The interface unit 4 contains the first 51 and second 52 prefabricated interface buses, one symmetrical diode 53 connected with one clip to the first interface bus 51, one resistor 54 connected with its one terminal to the negative supply bus 6, and another diode 55, which connected by its anode also to the negative supply bus 6, and the cathode to the second busbar 52 pairing. At the same time, a circuit of two series-connected input capacitors 56, 57 is connected to both supply buses 5, 6, the common terminal 58 of which is also connected to the second busbar 52 of the interface unit 4. In addition, the first and second interface buses 51, 52 form a second pair of the driver outputs 51, 52 of the same name, intended to be connected to the gate and emitter of the power IGBT transistor, respectively.
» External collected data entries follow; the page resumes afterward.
(* Let $G$ be a finite group, $(C_1,C_2,C_3,C_4)$ a class vector of $G$ and $\rho_4$ the permutation representation of the pure braid group $B_4$ on $\Sigma^i(C_1,C_2,C_3,C_4)$. If $\rho_4(\beta_{12})$, $\rho_4(\beta_{13})$ and $\rho_4(\beta_{14})$ are involutions, then $\rho_4(B_4)\cong C_2\times C_2$.
   Context: A class vector is a tuple of non-trivial conjugacy classes. $\Sigma^i(C_1,\dots,C_4)$ is the set of $G$-conjugacy classes $[\sigma_1,\dots,\sigma_4]$ (simultaneous conjugation) of tuples with $\sigma_j\in C_j$, $\langle\sigma_1,\dots,\sigma_4\rangle=G$, $\sigma_1\sigma_2\sigma_3\sigma_4=\iota$ ($\iota$ the identity). The Hurwitz braid group $H_4=\langle\beta_2,\beta_3,\beta_4\rangle$ acts from the right by $[\underline{\sigma}]^{\beta_2}=[\sigma_1\sigma_2\sigma_1^{-1},\sigma_1,\sigma_3,\sigma_4]$, $[\underline{\sigma}]^{\beta_3}=[\sigma_1,\sigma_2\sigma_3\sigma_2^{-1},\sigma_2,\sigma_4]$, $[\underline{\sigma}]^{\beta_4}=[\sigma_1,\sigma_2,\sigma_3\sigma_4\sigma_3^{-1},\sigma_3]$. The pure braid group $B_4$ is generated by $\beta_{12}=\beta_2^2$, $\beta_{13}=\beta_2^{-1}\beta_3^2\beta_2$, $\beta_{14}=\beta_2^{-1}\beta_3^{-1}\beta_4^2\beta_3\beta_2$, $\beta_{23}=\beta_3^2$, $\beta_{24}=\beta_3^{-1}\beta_4^2\beta_3$, $\beta_{34}=\beta_4^2$, and preserves $\Sigma^i(C_1,\dots,C_4)$. An involution is an element of order $2$. *)

From HB Require Import structures.
From mathcomp Require Import all_boot all_fingroup.
Set Implicit Arguments. Unset Strict Implicit. Unset Printing Implicit Defensive.
Local Open Scope group_scope.

Section Braid4.
Variable gT : finGroupType.

Definition tup4 := (gT * gT * gT * gT)%type.

Definition conjt (t : tup4) (g : gT) : tup4 :=
  let: (a, b, c, d) := t in (a ^ g, b ^ g, c ^ g, d ^ g).

(* the Hurwitz generators beta_2, beta_3, beta_4 and their inverses, on tuples *)
Definition hb2 (t : tup4) : tup4 := let: (a, b, c, d) := t in (a * b * a^-1, a, c, d).
Definition hb3 (t : tup4) : tup4 := let: (a, b, c, d) := t in (a, b * c * b^-1, b, d).
Definition hb4 (t : tup4) : tup4 := let: (a, b, c, d) := t in (a, b, c * d * c^-1, c).
Definition hb2i (t : tup4) : tup4 := let: (a, b, c, d) := t in (b, b^-1 * a * b, c, d).
Definition hb3i (t : tup4) : tup4 := let: (a, b, c, d) := t in (a, c, c^-1 * b * c, d).
Definition hb4i (t : tup4) : tup4 := let: (a, b, c, d) := t in (a, b, d, d^-1 * c * d).

Lemma hb2K : cancel hb2 hb2i.
Proof. by case=> [[[a b] c] d] /=; rewrite !mulgA ?mulVg ?mulgV ?mul1g ?mulgK ?mulgKV. Qed.
Lemma hb3K : cancel hb3 hb3i.
Proof. by case=> [[[a b] c] d] /=; rewrite !mulgA ?mulVg ?mulgV ?mul1g ?mulgK ?mulgKV. Qed.
Lemma hb4K : cancel hb4 hb4i.
Proof. by case=> [[[a b] c] d] /=; rewrite !mulgA ?mulVg ?mulgV ?mul1g ?mulgK ?mulgKV. Qed.
Lemma hb2iK : cancel hb2i hb2.
Proof. by case=> [[[a b] c] d] /=; rewrite !mulgA ?mulVg ?mulgV ?mul1g ?mulgK ?mulgKV. Qed.
Lemma hb3iK : cancel hb3i hb3.
Proof. by case=> [[[a b] c] d] /=; rewrite !mulgA ?mulVg ?mulgV ?mul1g ?mulgK ?mulgKV. Qed.
Lemma hb4iK : cancel hb4i hb4.
Proof. by case=> [[[a b] c] d] /=; rewrite !mulgA ?mulVg ?mulgV ?mul1g ?mulgK ?mulgKV. Qed.

(* Right action: [s]^(w1 w2 ... wk) = wk (... (w1 s)), so a word acts as the
   composition wk \o ... \o w1. *)
Definition pb12 := hb2 \o hb2.
Definition pb13 := hb2 \o hb3 \o hb3 \o hb2i.                   (* beta_2^-1 beta_3^2 beta_2 *)
Definition pb14 := hb2 \o hb3 \o hb4 \o hb4 \o hb3i \o hb2i.    (* beta_2^-1 beta_3^-1 beta_4^2 beta_3 beta_2 *)
Definition pb23 := hb3 \o hb3.
Definition pb24 := hb3 \o hb4 \o hb4 \o hb3i.                   (* beta_3^-1 beta_4^2 beta_3 *)
Definition pb34 := hb4 \o hb4.

Lemma pb12_inj : injective pb12.
Proof. by do !apply: inj_comp; apply: can_inj hb2K. Qed.
Lemma pb13_inj : injective pb13.
Proof.
by do !apply: inj_comp; first [apply: can_inj hb2K | apply: can_inj hb3K
  | apply: can_inj hb4K | apply: can_inj hb2iK | apply: can_inj hb3iK | apply: can_inj hb4iK].
Qed.
Lemma pb14_inj : injective pb14.
Proof.
by do !apply: inj_comp; first [apply: can_inj hb2K | apply: can_inj hb3K
  | apply: can_inj hb4K | apply: can_inj hb2iK | apply: can_inj hb3iK | apply: can_inj hb4iK].
Qed.
Lemma pb23_inj : injective pb23.
Proof. by do !apply: inj_comp; apply: can_inj hb3K. Qed.
Lemma pb24_inj : injective pb24.
Proof.
by do !apply: inj_comp; first [apply: can_inj hb2K | apply: can_inj hb3K
  | apply: can_inj hb4K | apply: can_inj hb2iK | apply: can_inj hb3iK | apply: can_inj hb4iK].
Qed.
Lemma pb34_inj : injective pb34.
Proof. by do !apply: inj_comp; apply: can_inj hb4K. Qed.

(* The permutation of subsets of tuples induced by a pure braid
   (X |-> image of X); on G-conjugacy classes of tuples this is the braid action. *)
Definition setperm (f : tup4 -> tup4) (finj : injective f) : {perm {set tup4}} :=
  perm (imset_inj finj).

Definition P12 := setperm pb12_inj.
Definition P13 := setperm pb13_inj.
Definition P14 := setperm pb14_inj.
Definition P23 := setperm pb23_inj.
Definition P24 := setperm pb24_inj.
Definition P34 := setperm pb34_inj.

Variables (G : {group gT}) (C1 C2 C3 C4 : {set gT}).

Definition class_vector :=
  [/\ C1 \in classes G, C2 \in classes G, C3 \in classes G & C4 \in classes G]
  /\ [/\ C1 != [set 1], C2 != [set 1], C3 != [set 1] & C4 != [set 1]].

Definition Einn : {set tup4} :=
  [set t : tup4 | let: (a, b, c, d) := t in
     [&& a \in C1, b \in C2, c \in C3, d \in C4,
         <<[set a; b; c; d]>> == G :> {set gT} & a * b * c * d == 1]].

Definition tclass (t : tup4) : {set tup4} := [set conjt t g | g in G].

Definition Sigma_in : {set {set tup4}} := [set tclass t | t in Einn].

Definition rho4 (p : {perm {set tup4}}) : {perm {set tup4}} := restr_perm Sigma_in p.

Definition rho4_B4 : {set {perm {set tup4}}} :=
  restr_perm Sigma_in @* <<[set P12; P13; P14; P23; P24; P34]>>.

End Braid4.

From HB Require Import structures.
From mathcomp Require Import all_boot all_fingroup all_algebra cyclic.
Set Implicit Arguments. Unset Strict Implicit. Unset Printing Implicit Defensive.
Local Open Scope group_scope.

(* On a tuple (a, b, c, d) with abcd = 1, the pure braids satisfy, up to
   simultaneous conjugation by an element of G, the relations
   b12 b13 b14 = 1, b34 = b12, b23 = b14 and b24 = b12 b13 b12^-1.
   So on Sigma^i the images x, y, z of b12, b13, b14 satisfy xyz = 1 and
   generate rho4(B4). Three involutions with product 1 commute, hence
   rho4(B4) = <x> \x <y> is a Klein four group. *)

Lemma invg_order2 (gT : finGroupType) (z : gT) : #[z] = 2 -> z^-1 = z.
Proof. by move=> oz; rewrite -[z^-1]mulg1 -(expg_order z) oz expgS expg1 mulKg. Qed.

Section KleinFour.
Variables (gT : finGroupType) (x y : gT).
Hypotheses (ox : #[x] = 2) (oy : #[y] = 2) (oxy : #[x * y] = 2).

Lemma order2_commute : commute x y.
Proof.
by rewrite /commute -{2}(invg_order2 ox) -{2}(invg_order2 oy) -invMg invg_order2.
Qed.

Lemma order2_cycle_TI : <[x]> :&: <[y]> = 1.
Proof.
apply: prime_TIg; first by rewrite -orderE ox.
rewrite cycle_subG /= cycle2g // !inE; apply/norP; split; apply/eqP => def_x.
  by move: ox; rewrite def_x order1.
by move: oxy; rewrite def_x -{1}(invg_order2 oy) mulVg order1.
Qed.

Lemma order2_dprod : <[x]> \x <[y]> = <<[set x; y]>>.
Proof.
rewrite dprodEY ?cents_cycle ?order2_cycle_TI //; last exact/esym/order2_commute.
by rewrite /cycle joing_idl joing_idr.
Qed.

End KleinFour.

Lemma order2_isog_Z2 (gT : finGroupType) (z : gT) : #[z] = 2 -> <[z]> \isog [set: 'Z_2].
Proof.
have card_Z2 : #|[set: 'Z_2]| = 2 by rewrite cardsT card_ord.
move=> oz; rewrite isog_cyclic_card ?cycle_cyclic // prime_cyclic card_Z2 //=.
by apply/eqP; rewrite -oz.
Qed.

Lemma order2_isog_Z2xZ2 (gT : finGroupType) (x y : gT) :
  #[x] = 2 -> #[y] = 2 -> #[x * y] = 2 -> <<[set x; y]>> \isog [set: 'Z_2 * 'Z_2].
Proof.
move=> ox oy oxy.
have <- : setX [set: 'Z_2] [set: 'Z_2] = [set: 'Z_2 * 'Z_2].
  by apply/setP => -[a b]; rewrite in_setX !in_setT.
apply: isog_dprod (order2_dprod ox oy oxy) (setX_dprod [set: _]%G [set: _]%G) _ _.
  by rewrite (isog_transl _ (order2_isog_Z2 ox)) isog_setX1.
by rewrite (isog_transl _ (order2_isog_Z2 oy)) isog_set1X.
Qed.

Section RestrPerm.
Variables (T : finType) (S : {set T}).
Implicit Types p q : {perm T}.

Lemma astabs_restr_perm_neq1 p : restr_perm S p != 1 -> p \in 'N(S | 'P).
Proof. by apply: contraR => /triv_restr_perm ->. Qed.

Lemma astabs_eq_in p q : p \in 'N(S | 'P) -> {in S, p =1 q} -> q \in 'N(S | 'P).
Proof.
move=> Np pq; rewrite !inE; apply/subsetP => X SX; rewrite inE.
have := astabs_act X Np; rewrite SX => SpX.
by rewrite [_ \in _]/(q X \in S) -pq.
Qed.

Lemma restr_perm_eq_in p q :
  p \in 'N(S | 'P) -> {in S, p =1 q} -> restr_perm S q = restr_perm S p.
Proof.
move=> Np pq; have Nq := astabs_eq_in Np pq.
apply/permP => X; have [SX | S'X] := boolP (X \in S).
  by rewrite !restr_permE // pq.
by rewrite !(out_perm (restr_perm_on _ _)).
Qed.

End RestrPerm.

Section Equivariance.
Variable gT : finGroupType.
Implicit Types (f h : tup4 gT -> tup4 gT) (t : tup4 gT).

Definition conj_equivariant f := forall t (g : gT), f (conjt t g) = conjt (f t) g.

Lemma equivariant_comp f h :
  conj_equivariant f -> conj_equivariant h -> conj_equivariant (f \o h).
Proof. by move=> ef eh t g /=; rewrite eh ef. Qed.

Lemma equivariant_can f h :
  cancel f h -> cancel h f -> conj_equivariant f -> conj_equivariant h.
Proof. by move=> fK hK ef t g; apply: (can_inj fK); rewrite hK ef hK. Qed.

Lemma hb2_equivariant : conj_equivariant (@hb2 gT).
Proof. by case=> [[[a b] c] d] g /=; rewrite !conjMg conjVg. Qed.
Lemma hb3_equivariant : conj_equivariant (@hb3 gT).
Proof. by case=> [[[a b] c] d] g /=; rewrite !conjMg conjVg. Qed.
Lemma hb4_equivariant : conj_equivariant (@hb4 gT).
Proof. by case=> [[[a b] c] d] g /=; rewrite !conjMg conjVg. Qed.

Let hb2i_equivariant := equivariant_can (@hb2K gT) (@hb2iK gT) hb2_equivariant.
Let hb3i_equivariant := equivariant_can (@hb3K gT) (@hb3iK gT) hb3_equivariant.

Ltac equivariant :=
  repeat apply: equivariant_comp; first [exact: hb2_equivariant
    | exact: hb3_equivariant | exact: hb4_equivariant
    | exact: hb2i_equivariant | exact: hb3i_equivariant].

Lemma pb12_equivariant : conj_equivariant (@pb12 gT). Proof. equivariant. Qed.
Lemma pb13_equivariant : conj_equivariant (@pb13 gT). Proof. equivariant. Qed.
Lemma pb14_equivariant : conj_equivariant (@pb14 gT). Proof. equivariant. Qed.
Lemma pb23_equivariant : conj_equivariant (@pb23 gT). Proof. equivariant. Qed.
Lemma pb24_equivariant : conj_equivariant (@pb24 gT). Proof. equivariant. Qed.
Lemma pb34_equivariant : conj_equivariant (@pb34 gT). Proof. equivariant. Qed.

Lemma setperm_tclass f (finj : injective f) (G : {group gT}) t :
  conj_equivariant f -> setperm finj (tclass G t) = tclass G (f t).
Proof. by move=> ef; rewrite permE /tclass -imset_comp; apply: eq_imset => g /=. Qed.

Lemma tclass_conjt (G : {group gT}) t g : g \in G -> tclass G (conjt t g) = tclass G t.
Proof.
have conjtM (h k : gT) : conjt (conjt t h) k = conjt t (h * k).
  by case: t => [[[a b] c] d] /=; rewrite !conjgM.
move=> Gg; apply/setP => u; apply/imsetP/imsetP => -[h Gh ->].
  by exists (g * h); rewrite ?groupM.
by exists (g^-1 * h); rewrite ?groupM ?groupV // conjtM mulKVg.
Qed.

End Equivariance.

#[local] Hint Resolve pb12_equivariant pb13_equivariant pb14_equivariant
  pb23_equivariant pb24_equivariant pb34_equivariant : core.

Section Relations.
Variable gT : finGroupType.
Implicit Types a b c : gT.

Definition tup4_prod1 a b c : tup4 gT := (a, b, c, (a * b * c)^-1).

Ltac group_simpl := repeat first [rewrite mulgK | rewrite mulgKV | rewrite mulgV
  | rewrite mulVg | rewrite mul1g | rewrite mulg1 | rewrite mulgA | rewrite invgK
  | rewrite invMg | rewrite conjgE].

Lemma pb14_pb13_pb12 a b c :
  pb14 (pb13 (pb12 (tup4_prod1 a b c))) = conjt (tup4_prod1 a b c) a^-1.
Proof.
rewrite /pb12 /=; group_simpl; rewrite /pb13 /=; group_simpl.
by rewrite /pb14 /=; congr (_, _, _, _); group_simpl.
Qed.

Lemma pb12_conjt_pb34 a b c :
  pb12 (tup4_prod1 a b c) = conjt (pb34 (tup4_prod1 a b c)) (a * b)^-1.
Proof. by rewrite /pb12 /pb34 /=; congr (_, _, _, _); group_simpl. Qed.

Lemma pb14_conjt_pb23 a b c :
  pb14 (tup4_prod1 a b c) = conjt (pb23 (tup4_prod1 a b c)) (b * c).
Proof. by rewrite /pb14 /pb23 /=; congr (_, _, _, _); group_simpl. Qed.

Lemma pb12_pb24_conjt a b c :
  pb12 (pb24 (tup4_prod1 a b c)) = conjt (pb13 (pb12 (tup4_prod1 a b c))) (a * c).
Proof. by rewrite /pb12 /pb13 /pb24 /=; congr (_, _, _, _); group_simpl. Qed.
Additionally, a power supply unit 59 is included in the device, the input terminals of which are the second pair of driver inputs 60, 61, and the positive and negative 5 and 6 power supply buses are connected to the output terminals 62, 63, as well as the input power supply control unit 64, which is connected by the first pair of inputs 65, 66, respectively, to plus 5 and to minus 6 supply buses.
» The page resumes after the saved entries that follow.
Lemma eq_Csum P F1 F2 : (forall i, P i -> F1 i = F2 i) -> Csum P F1 = Csum P F2.
Proof. by move=> H; apply: eq_bigr. Qed.
Lemma eq_Csuml P1 P2 F : P1 =1 P2 -> Csum P1 F = Csum P2 F.
Proof. by move=> H; apply: eq_bigl. Qed.
Lemma Csum0 P F : (forall i, P i -> F i = C0) -> Csum P F = C0.
Proof. by move=> H; rewrite /Csum big1. Qed.
Lemma Csum_mkcond P F : Csum P F = Csum predT (fun i => if P i then F i else C0).
Proof. by rewrite /Csum big_mkcond. Qed.
Lemma CsumID (J : pred I) F : Csum predT F = Cadd (Csum J F) (Csum (predC J) F).
Proof. by rewrite /Csum (bigID J). Qed.
Lemma Csum_add P F1 F2 :
  Csum P (fun i => Cadd (F1 i) (F2 i)) = Cadd (Csum P F1) (Csum P F2).
Proof. by rewrite /Csum big_split. Qed.
Lemma Csum_distrr P F a : Cmul a (Csum P F) = Csum P (fun i => Cmul a (F i)).
Proof. by rewrite /Csum big_distrr. Qed.
Lemma Csum_distrl P F a : Cmul (Csum P F) a = Csum P (fun i => Cmul (F i) a).
Proof. by rewrite /Csum big_distrl. Qed.
Lemma Csum_opp P F : Copp (Csum P F) = Csum P (fun i => Copp (F i)).
Proof.
have Eopp z : Copp z = Cmul (mkC (- 1) 0) z by Cring.
by rewrite Eopp Csum_distrr; apply: eq_Csum => i _; rewrite Eopp.
Qed.
Lemma Csum_sub P F1 F2 :
  Csum P (fun i => Csub (F1 i) (F2 i)) = Csub (Csum P F1) (Csum P F2).
Proof. by rewrite /Csub Csum_opp -Csum_add. Qed.
End Sums.

Lemma Csum_pair_snd (I J : finType) (P : pred I) (F : I -> J -> C) j0 :
  Csum (fun x : I * J => P x.1 && (j0 == x.2)) (fun x => F x.1 x.2)
  = Csum P (fun i => F i j0).
Proof.
rewrite /Csum -(pair_big_dep P (fun _ j => j0 == j) F).
apply: eq_bigr => i _; rewrite (eq_bigl (fun j => j == j0)) => [|j]; last exact: eq_sym.
by rewrite big_pred1_eq.
Qed.

Lemma Csum_exchange (I J : finType) (P : pred I) (Q : pred J) (F : I -> J -> C) :
  Csum P (fun i => Csum Q (F i)) = Csum Q (fun j => Csum P (fun i => F i j)).
Proof. by rewrite /Csum exchange_big. Qed.

(** * Derivatives of finite linear combinations *)

(* Bounds on the modulus in terms of real and imaginary parts; they make the
   epsilon-delta estimates below linear. *)
Lemma abs_Re_le z : Rabs (Re z) <= Cmod z.
Proof.
rewrite /Cmod -sqrt_Rsqr_abs; apply: sqrt_le_1_alt.
have := Rle_0_sqr (Im z); rewrite /Rsqr; lra.
Qed.

Lemma abs_Im_le z : Rabs (Im z) <= Cmod z.
Proof.
rewrite /Cmod -sqrt_Rsqr_abs; apply: sqrt_le_1_alt.
have := Rle_0_sqr (Re z); rewrite /Rsqr; lra.
Qed.

Lemma Cmod_le_abs z : Cmod z <= Rabs (Re z) + Rabs (Im z).
Proof.
have h1 := Rabs_pos (Re z); have h2 := Rabs_pos (Im z).
rewrite /Cmod -(sqrt_Rsqr (Rabs (Re z) + Rabs (Im z))); last lra.
apply: sqrt_le_1_alt; rewrite /Rsqr.
have e1 : Re z * Re z = Rabs (Re z) * Rabs (Re z) by rewrite -Rabs_mult Rabs_right; nra.
have e2 : Im z * Im z = Rabs (Im z) * Rabs (Im z) by rewrite -Rabs_mult Rabs_right; nra.
nra.
Qed.

Lemma Cmod_add z w : Cmod (Cadd z w) <= 2 * (Cmod z + Cmod w).
Proof.
apply: Rle_trans (Cmod_le_abs _) _; rewrite /Cadd /=.
have := Rabs_triang (Re z) (Re w); have := Rabs_triang (Im z) (Im w).
have := abs_Re_le z; have := abs_Re_le w; have := abs_Im_le z; have := abs_Im_le w.
lra.
Qed.

Lemma Cmod_mul c z : Cmod (Cmul c z) <= 2 * (Rabs (Re c) + Rabs (Im c)) * Cmod z.
Proof.
apply: Rle_trans (Cmod_le_abs _) _; rewrite /Cmul /=.
have h1 := Rabs_triang (Re c * Re z) (- (Im c * Im z)).
have h2 := Rabs_triang (Re c * Im z) (Im c * Re z).
rewrite Rabs_Ropp !Rabs_mult in h1; rewrite !Rabs_mult in h2.
have a1 := abs_Re_le z; have a2 := abs_Im_le z.
have b1 := Rabs_pos (Re c); have b2 := Rabs_pos (Im c).
have q1 := Rabs_pos (Re z); have q2 := Rabs_pos (Im z).
rewrite /Rminus; nra.
Qed.

Section Derivatives.
Variables (a b x : R).

Lemma deriv_const0 : has_deriv_within a b (fun _ => C0) x C0.
Proof.
move=> eps Heps; exists 1; split=> [|h _ _ _ _]; first lra.
have -> : Csub (CscaleR (/ h) (Csub C0 C0)) C0 = mkC 0 0 by Cring.
by rewrite /Cmod /= /Rsqr Rmult_0_l Rplus_0_l sqrt_0.
Qed.

Lemma deriv_add f g df dg :
  has_deriv_within a b f x df -> has_deriv_within a b g x dg ->
  has_deriv_within a b (fun y => Cadd (f y) (g y)) x (Cadd df dg).
Proof.
move=> Hf Hg eps Heps.
have [d1 [Hd1 H1]] := Hf (eps / 4) ltac:(lra).
have [d2 [Hd2 H2]] := Hg (eps / 4) ltac:(lra).
exists (Rmin d1 d2); split=> [|h hn hd ha hb]; first exact: Rmin_pos.
set qf := Csub (CscaleR (/ h) (Csub (f (x + h)) (f x))) df.
set qg := Csub (CscaleR (/ h) (Csub (g (x + h)) (g x))) dg.
have -> : Csub (CscaleR (/ h) (Csub (Cadd (f (x + h)) (g (x + h))) (Cadd (f x) (g x))))
            (Cadd df dg) = Cadd qf qg by rewrite /qf /qg; Cring.
apply: Rle_lt_trans (Cmod_add _ _) _.
have := H1 h hn (Rlt_le_trans _ _ _ hd (Rmin_l _ _)) ha hb.
have := H2 h hn (Rlt_le_trans _ _ _ hd (Rmin_r _ _)) ha hb.
rewrite -/qf -/qg; lra.
Qed.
Moreover, the output 67 of the block 64 control the supply voltage is connected to the second input of the same name of the block 2 of the signal generation, formed by the first input 30 of the third 22 and the second input 34 of the fourth 23 logic elements; the third input 68 of the supply voltage monitoring unit 64 is connected to the third output of the same signal generating unit 2, which is formed by the output 29 of its second logic element 21. Moreover, the first inputs 24 and 27 of the first 20 and second 21 logic elements are combined into a common terminal 36, to which additionally connected with its free clamp 69, the first protective resistor 40 of the power voltage control unit 7, Additionally, a second protective diode 70 is inserted into the power voltage control unit 7, and the free terminal 71 of its second protective resistor RA 41, combined with one of the terminals of its capacitor 38, is connected to the third input of the same name of the signal generating unit 2, which is formed by the second input 28 of the second logic element 21, and to the cathode of its second protective diode 70, the anode of which is combined into a common terminal with the output 32 third 22 and with the output of 35 fourth 23 logical elements.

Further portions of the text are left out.